Rev. esp. enferm. dig. vol.102 no.1 Madrid ene. 2010




Lymphoepithelial cyst of the pancreas mimicking a cystic neoplasm

Quiste linfoepitelial de páncreas. Un simulador de neoplasia quística



Key words: Lymphoepithelial cyst. Pancreatic true cyst. Benign pancreatic cyst.

Palabras clave: Quiste linfoepitelial. Quiste pancreático verdadero. Quiste pancreático benigno.


Dear Editor,

Cystic lesions of the pancreas are rare. They can be classified into pseudopancreatic cysts (80%) and true pancreatic cysts (20%). Lymphoepithelial cysts of the pancreas (LECP) are true pancreatic cysts, benign and extremely rare that can mimic cystic neoplasms making difficult its differential diagnosis preoperatively.


Case report

A 73-year-old male patient was found to have a pancreatic cystic lesion after undergoing an abdominal computed tomography (CT). Physical examination and blood tests were normal except for elevated CA 19-9 and CEA levels. Abdominal CT and magnetic resonance imaging (MRI) showed a multiloculated lesion of 5.2 cm in diameter in the body tail of the pancreas. Both CT and MRI features of the mass favored a mucinous cystic neoplasm so we made the decision to operate the patient. A distal splenopancreatectomy involving the cystic lesion was carried out with a rim of normal pancreatic tissue. Pa-thologic examination (Fig. 1) revealed: yellowish multiloculated cyst, well circumscribed, filled with abundant amorphous and granular material. Microscopically presented a wall lined by stratified keratinized squamous epithelium surrounded by lymphoid tissue with germinal centers. The cyst was filled with anucleated squamous cells, proteinaceus material and cholesterol crystals. These findings were diagnostic of a benign LEC of the pancreas.

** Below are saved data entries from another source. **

Lemma addl_compat x x' y y' : equivl x x' -> equivl y y' ->
  equivl (addl x y) (addl x' y').
Proof.
case: x x' y y' => [p n] [p' n'] [q m] [q' m']; rewrite /equivl /=.
move=> /eqP h1 /eqP h2; apply/eqP; rewrite !mulrDl !mulXnA.
rewrite (@eqXn (m + _) (n' + (m + m'))); last by rewrite -!plusE; lia.
rewrite -(mulXnA p n') h1 mulXnA.
rewrite (@eqXn (n + (n' + m')) (m' + (n + n'))); last by nat_lia.
rewrite -(mulXnA q m') h2 mulXnA.
by congr (_ * 'X^_ + _ * 'X^_); nat_lia.
Qed.

Lemma mulXnAC (p q : {poly R}) n : p * 'X^n * q = p * q * 'X^n.
Proof. by rewrite -mulrA -mulXnC mulrA. Qed.

Lemma mull_compat x x' y y' : equivl x x' -> equivl y y' ->
  equivl (mull x y) (mull x' y').
Proof.
case: x x' y y' => [p n] [p' n'] [q m] [q' m']; rewrite /equivl /=.
move=> /eqP h1 /eqP h2; apply/eqP.
rewrite addnC -mulXnA -(mulrA p q) h2 mulrA mulXnA addnC -mulXnA.
by rewrite -(mulrA p q') (mulXnC q') mulrA h1 mulXnAC mulXnA.
Qed.

Lemma oppl_compat x x' : equivl x x' -> equivl (oppl x) (oppl x').
Proof.
case: x x' => [p n] [p' n']; rewrite /equivl /= !mulNr => /eqP ->.
exact: eqxx.
Qed.

Lemma equivl_pi x y : equivl x y -> \pi_type x = \pi_type y.
Proof. by move=> h; apply/eqmodP. Qed.

Definition zero : type := \pi_type (0, 0%N).
Definition one : type := \pi_type (1, 0%N).
Definition add := lift_op2 type addl.
Definition mul := lift_op2 type mull.
Definition opp := lift_op1 type oppl.

Lemma pi_add : {morph \pi : x y / addl x y >-> add x y}.
Proof.
move=> x y; unlock add; apply/eqmodP; rewrite /=.
by apply: addl_compat; rewrite equivl_sym; apply/eqmodP; rewrite reprK.
Qed.
Canonical pi_add_morph := PiMorph2 pi_add.

Lemma pi_mul : {morph \pi : x y / mull x y >-> mul x y}.
Proof.
move=> x y; unlock mul; apply/eqmodP; rewrite /=.
by apply: mull_compat; rewrite equivl_sym; apply/eqmodP; rewrite reprK.
Qed.
Canonical pi_mul_morph := PiMorph2 pi_mul.

Lemma pi_opp : {morph \pi : x / oppl x >-> opp x}.
Proof.
move=> x; unlock opp; apply/eqmodP; rewrite /=.
by apply: oppl_compat; rewrite equivl_sym; apply/eqmodP; rewrite reprK.
Qed.
Canonical pi_opp_morph := PiMorph1 pi_opp.

Lemma laddA : associative add.
Proof.
elim/quotW=> [[p n]]; elim/quotW=> [[q m]]; elim/quotW=> [[r k]].
rewrite !piE; congr \pi; rewrite /addl /=; congr (_, _); last by rewrite addnA.
rewrite !mulrDl !mulXnA addrA; congr (_ * 'X^_ + _ * 'X^_ + _ * 'X^_);
  by rewrite -!plusE; lia.
Qed.

Lemma laddC : commutative add.
Proof.
elim/quotW=> [[p n]]; elim/quotW=> [[q m]]; rewrite !piE; congr \pi.
by rewrite /addl /= addrC addnC.
Qed.

Lemma ladd0r : left_id zero add.
Proof.
elim/quotW=> [[p n]]; rewrite /zero !piE; congr \pi.
by rewrite /addl /= mul0r add0r expr0 mulr1 add0n.
Qed.

Lemma laddNr : left_inverse zero opp add.
Proof.
elim/quotW=> [[p n]]; rewrite /zero !piE; apply/equivl_pi.
by rewrite /equivl /addl /oppl /= mulNr addNr !mul0r.
Qed.

HB.instance Definition _ := GRing.isZmodule.Build type laddA laddC ladd0r laddNr.

Lemma lmulA : associative mul.
Proof.
elim/quotW=> [[p n]]; elim/quotW=> [[q m]]; elim/quotW=> [[r k]].
by rewrite !piE; congr \pi; rewrite /mull /= mulrA addnA.
Qed.

Lemma lmul1r : left_id one mul.
Proof.
elim/quotW=> [[p n]]; rewrite /one !piE; congr \pi.
by rewrite /mull /= mul1r add0n.
Qed.

Lemma lmulr1 : right_id one mul.
Proof.
elim/quotW=> [[p n]]; rewrite /one !piE; congr \pi.
by rewrite /mull /= mulr1 addn0.
Qed.

Lemma lmulrDl : left_distributive mul add.
Proof.
elim/quotW=> [[p n]]; elim/quotW=> [[q m]]; elim/quotW=> [[r k]].
rewrite !piE; apply/equivl_pi; rewrite /equivl /addl /mull /=; apply/eqP.
rewrite !mulrDl (mulXnAC p) (mulXnAC q) !mulXnA.
by congr (_ * 'X^_ + _ * 'X^_); rewrite -!plusE; lia.
Qed.

Lemma lmulrDr : right_distributive mul add.
Proof.
elim/quotW=> [[p n]]; elim/quotW=> [[q m]]; elim/quotW=> [[r k]].
rewrite !piE; apply/equivl_pi; rewrite /equivl /addl /mull /=; apply/eqP.
rewrite !mulrDl !mulrDr mulrDl !mulrA !mulXnA.
by congr (_ * 'X^_ + _ * 'X^_); rewrite -!plusE; lia.
Qed.

Lemma loner_neq0 : one != 0 :> type.
Proof.
rewrite /one /= -[0]/zero /zero piE /equivl /= !expr0 !mulr1.
exact: oner_neq0.
Qed.

HB.instance Definition _ := GRing.Zmodule_isNzRing.Build type
  lmulA lmul1r lmulr1 lmulrDl lmulrDr loner_neq0.

Definition x : type := \pi_type ('X, 0%N).
Definition xinv : type := \pi_type (1, 1%N).

Lemma x_xinv : x * xinv = 1.
Proof.
change (mul x xinv = one); rewrite /x /xinv /one piE.
by apply/equivl_pi; rewrite /equivl /= ?expr0 ?expr1 ?mulr1 ?mul1r ?add0n ?addn0.
Qed.

Lemma xinv_x : xinv * x = 1.
Proof.
change (mul xinv x = one); rewrite /x /xinv /one piE.
by apply/equivl_pi; rewrite /equivl /= ?expr0 ?expr1 ?mulr1 ?mul1r ?add0n ?addn0.
Qed.

End Laurent.
End Laurent.
HB.export Laurent.


Notation laurent R := (Laurent.type R).

Definition is_ideal (R : nzRingType) (I : R -> Prop) : Prop :=
  [/\ I 0,
      (forall a b, I a -> I b -> I (a + b)),
      (forall a, I a -> I (- a)),
      (forall r a, I a -> I (r * a)) &
      (forall a r, I a -> I (a * r))].

Definition is_prime_ideal (R : nzRingType) (I : R -> Prop) : Prop :=
  [/\ is_ideal I, ~ I 1 &
      (forall a b, (forall r, I (a * r * b)) -> I a \/ I b)].

Definition prime_radical (R : nzRingType) (a : R) : Prop :=
  forall I : R -> Prop, is_prime_ideal I -> I a.

Definition almost_armendariz (R : nzRingType) : Prop :=
  forall f g : {poly R}, f * g = 0 ->
    forall i j : nat, prime_radical (f`_i * g`_j).

From HB Require Import structures.
From mathcomp Require Import all_boot all_order all_algebra.
From mathcomp Require Import zify.
From Stdlib Require Import Classical.
Set Implicit Arguments. Unset Strict Implicit. Unset Printing Implicit Defensive.
Import GRing.Theory.
Local Open Scope ring_scope.
Local Open Scope quotient_scope.

(* Both directions rest on P(R) = R ∩ P(R[x,x^-1]).  Every Laurent polynomial
   is a sum of constants times the central elements x^k x^-n, so prime ideals
   of R[x,x^-1] contract to prime ideals of R; conversely a prime ideal I of R
   extends to the prime ideal I[x,x^-1] (Laurent polynomials with all
   coefficients in I), whose trace on R is I.  Hence R[y] ⊆ R[x,x^-1][y]
   transfers the property down.  Upwards, clear denominators: F G = 0 in
   R[x,x^-1][y] gives f g = 0 in R[x][y] with F_i = f_i x^-N, G_j = g_j x^-M;
   the Kronecker substitution y := x^K, K beyond all x-degrees, turns f g = 0
   into a product zero in R[x] whose coefficients are exactly those of the f_i
   and g_j, so all of them multiply into P(R), and then F_i G_j lies in the
   ideal P(R[x,x^-1]). *)

Section Ideals.
Variable A : nzRingType.

Lemma ideal_sum (I : A -> Prop) (J : Type) (r : seq J) (P : pred J) (F : J -> A) :
  is_ideal I -> (forall j, P j -> I (F j)) -> I (\sum_(j <- r | P j) F j).
Proof. by case=> I0 ID _ _ _ IF; apply: big_ind. Qed.

Lemma prime_radical_ideal : is_ideal (@prime_radical A).
Proof.
split=> [Q [[]] | a b ha hb Q hQ | a ha Q hQ | r a ha Q hQ | a r ha Q hQ] //;
  case: (hQ) => -[_ ID IN IMl IMr] _ _;
  [apply: ID; [exact: ha | exact: hb] | apply: IN | apply: IMl | apply: IMr];
  exact: ha.
Qed.

End Ideals.

Lemma ex_least (P : nat -> Prop) n :
  P n -> exists2 m, P m & forall k, (k < m)%N -> ~ P k.
Proof.
elim/ltn_ind: n => n IH Pn.
case: (classic (exists2 k, (k < n)%N & P k)) => [[k ltkn Pk] | none].
  exact: IH Pk.
by exists n => // k ltkn Pk; apply: none; exists k.
Qed.

Section CentralizingMorphism.
Variables (A B : nzRingType) (phi : {rmorphism A -> B}).
Hypothesis phi_span : forall b : B, exists n (c : 'I_n -> A) (z : 'I_n -> B),
  (forall k y, z k * y = y * z k) /\ b = \sum_(k < n) phi (c k) * z k.

Lemma prime_ideal_preim (Q : B -> Prop) :
  is_prime_ideal Q -> is_prime_ideal (fun a => Q (phi a)).
Proof.
case=> -[Q0 QD QN QMl QMr] Q1 Qprime; split; first split.
- by rewrite rmorph0.
- by move=> a b ha hb; rewrite rmorphD; apply: QD.
- by move=> a ha; rewrite rmorphN; apply: QN.
- by move=> r a ha; rewrite rmorphM; apply: QMl.
- by move=> a r ha; rewrite rmorphM; apply: QMr.
- by rewrite rmorph1.
move=> a b hab; apply: Qprime => y.
have [n [c [z [zC ->]]]] := phi_span y.
rewrite mulr_sumr mulr_suml; apply: ideal_sum => // k _.
by rewrite !mulrA -(mulrA _ (z k)) zC mulrA -!rmorphM; apply: QMr.
Qed.

Lemma prime_radical_rmorph a : prime_radical a -> prime_radical (phi a).
Proof. by move=> ha Q /prime_ideal_preim; apply: ha. Qed.

End CentralizingMorphism.

Definition poly_ideal (R : nzRingType) (I : R -> Prop) (p : {poly R}) : Prop :=
  forall k, I p`_k.

Lemma poly_ideal_mulXn (R : nzRingType) (I : R -> Prop) (p : {poly R}) n :
  poly_ideal I (p * 'X^n) -> poly_ideal I p.
Proof. by move=> h k; have := h (k + n)%N; rewrite coefMXn ltnNge leq_addl addnK. Qed.

Lemma coef_mulC_mul_split (R : nzRingType) (p q : {poly R}) r i j :
  (p * r%:P * q)`_(i + j) = p`_i * r * q`_j
    + \sum_(k < (i + j).+1 | k != i :> nat) p`_k * r * q`_(i + j - k).
Proof.
have ltij : (i < (i + j).+1)%N by rewrite ltnS leq_addr.
by rewrite coefM (bigD1 (Ordinal ltij)) //= coefMC addKn; under eq_bigr do rewrite coefMC.
Qed.

Lemma poly_ideal_prime (R : nzRingType) (I : R -> Prop) :
  is_prime_ideal I -> is_prime_ideal (poly_ideal I).
Proof.
move=> Iprime.
have [[I0 ID IN IMl IMr] I1 Ip] := Iprime.
have Iideal : is_ideal I by case: Iprime.
split; first split.
- by move=> k; rewrite coef0.
- by move=> p q hp hq k; rewrite coefD; apply: ID.
- by move=> p hp k; rewrite coefN; apply: IN.
- by move=> r p hp k; rewrite coefM; apply: ideal_sum => // j _; apply: IMl.
- by move=> p r hp k; rewrite coefM; apply: ideal_sum => // j _; apply: IMr.
- by move/(_ 0%N); rewrite coef1.
move=> p q hpq.
case: (classic (poly_ideal I p)) => [|/not_all_ex_not [k0 pk0]]; first by left.
case: (classic (poly_ideal I q)) => [|/not_all_ex_not [l0 ql0]]; first by right.
have [i pi_notin below_i] := ex_least (P := fun k => ~ I p`_k) pk0.
have [j qj_notin below_j] := ex_least (P := fun k => ~ I q`_k) ql0.
(* In the coefficient of index [i + j] of [p r q], every term other than
   [p_i r q_j] has a factor [p_k] with [k < i] or [q_l] with [l < j]. *)
suff /Ip [] : forall r, I (p`_i * r * q`_j) by [].
move=> r; have := hpq r%:P (i + j)%N; rewrite coef_mulC_mul_split => hsum.
have rest : I (\sum_(k < (i + j).+1 | k != i :> nat) p`_k * r * q`_(i + j - k)).
  apply: ideal_sum => // k ki.
  case: (ltngtP k i) => [ltki | ltik | eqki].
  - by apply: (IMr); apply: IMr; apply: NNPP; apply: below_i.
  - by apply: IMl; apply: NNPP; apply: below_j; have := ltn_ord k; lia.
  - by rewrite eqki eqxx in ki.
by have := ID _ _ hsum (IN _ rest); rewrite addrK.
Qed.

Section LaurentFractions.
Variable R : nzRingType.
Local Notation L := (laurent R).
Implicit Types (p q : {poly R}) (l : L).

Definition lfrac p n : L := \pi_L (p, n).

Lemma lfracW (P : L -> Prop) : (forall p n, P (lfrac p n)) -> forall l, P l.
Proof. by move=> h; elim/quotW => -[p n]; apply: h. Qed.

Lemma lfrac_eq p n q m : lfrac p n = lfrac q m <-> p * 'X^m = q * 'X^n.
Proof.
by split=> [/eqmodP/eqP | /eqP e]; last exact: Laurent.equivl_pi.
Qed.

Lemma lfracD p n q m : lfrac p n + lfrac q m = lfrac (p * 'X^m + q * 'X^n) (n + m).
Proof. exact: (esym (Laurent.pi_add _ _)). Qed.

Lemma lfracM p n q m : lfrac p n * lfrac q m = lfrac (p * q) (n + m).
Proof. exact: (esym (Laurent.pi_mul _ _)). Qed.

Lemma lfracN p n : - lfrac p n = lfrac (- p) n.
Proof. exact: (esym (Laurent.pi_opp _)). Qed.

Lemma lfrac0 n : lfrac 0 n = 0.
Proof. by apply/lfrac_eq; rewrite !mul0r. Qed.

Lemma lfrac1 : lfrac 1 0 = 1.
Proof. by []. Qed.

Lemma lfrac_eq0 p n : lfrac p n = 0 -> p = 0.
Proof. by rewrite -(lfrac0 0) => /lfrac_eq; rewrite expr0 mulr1 mul0r. Qed.

Lemma lfrac_mulXn p n k : lfrac (p * 'X^k) (n + k) = lfrac p n.
Proof. by apply/lfrac_eq; rewrite -mulrA -exprD addnC. Qed.

Lemma lfracXn_central k n l : lfrac 'X^k n * l = l * lfrac 'X^k n.
Proof.
elim/lfracW: l => p m; rewrite !lfracM addnC; congr lfrac.
by rewrite commr_polyXn.
Qed.

Definition lpoly p : L := lfrac p 0.

Lemma lpoly_is_zmod_morphism : zmod_morphism lpoly.
Proof. by move=> p q; rewrite /lpoly lfracN lfracD !expr0 !mulr1. Qed.

Lemma lpoly_is_monoid_morphism : monoid_morphism lpoly.
Proof. by split=> // p q; rewrite /lpoly lfracM. Qed.

HB.instance Definition _ :=
  GRing.isZmodMorphism.Build {poly R} L lpoly lpoly_is_zmod_morphism.
HB.instance Definition _ :=
  GRing.isMonoidMorphism.Build {poly R} L lpoly lpoly_is_monoid_morphism.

Lymphoepithelial cysts of the pancreas were first described in 1985. About one hundred cases have been previously described (1). This is the first reported case in Spain. LECPs occur more commonly in the middle-age man, often asymptomatic, and may appear either intrapancreatic or peripancreatic.

The etiopathogenesis as well as histogenesis of LECPs remain unclear. They have been described in other locations in which frequently are associated with autoimmune diseases and states of immunological depression (2).

Diagnosis of LECPs preoperatively is difficult because they can mimic other cystic pancreatic lesions. Differential diagnosis of LECPs may include pseudocyst, mucinous cystic neoplasm and intraductal papillary mucinous neoplasm.

Chemical analysis of pancreatic LECPs fluid have shown a high level of tumor markers CEA and CA 19-9 as well as variable levels of amylase (3).

Abdominal US can see LECPs as solid masses to cystic lesions. The CT scan usually shows features of a low-attenuation mass or multilocular lesions (60%) with a thin enhancing rim. Magnetic resonance imaging (MRI) on the basis of the lipid cystic component perceives a lesion with a high signal in T1 and a low signal in T2.

Nowadays, the fine-needle aspiration cytology (FNA) has become the definitive diagnostic method. Cyst aspirates reveal yellowish creamy features. Cytologically, the aspiration material from a LECP typically contains abundant proteinaceus material, anucleated squamous cells, cholesterol crystals, squamous cells without nuclear atypia and polymorphous lymphoid population. Unfortunately often cytological findings are unclear, leading to misdiagnosis or uncertain diagnosis.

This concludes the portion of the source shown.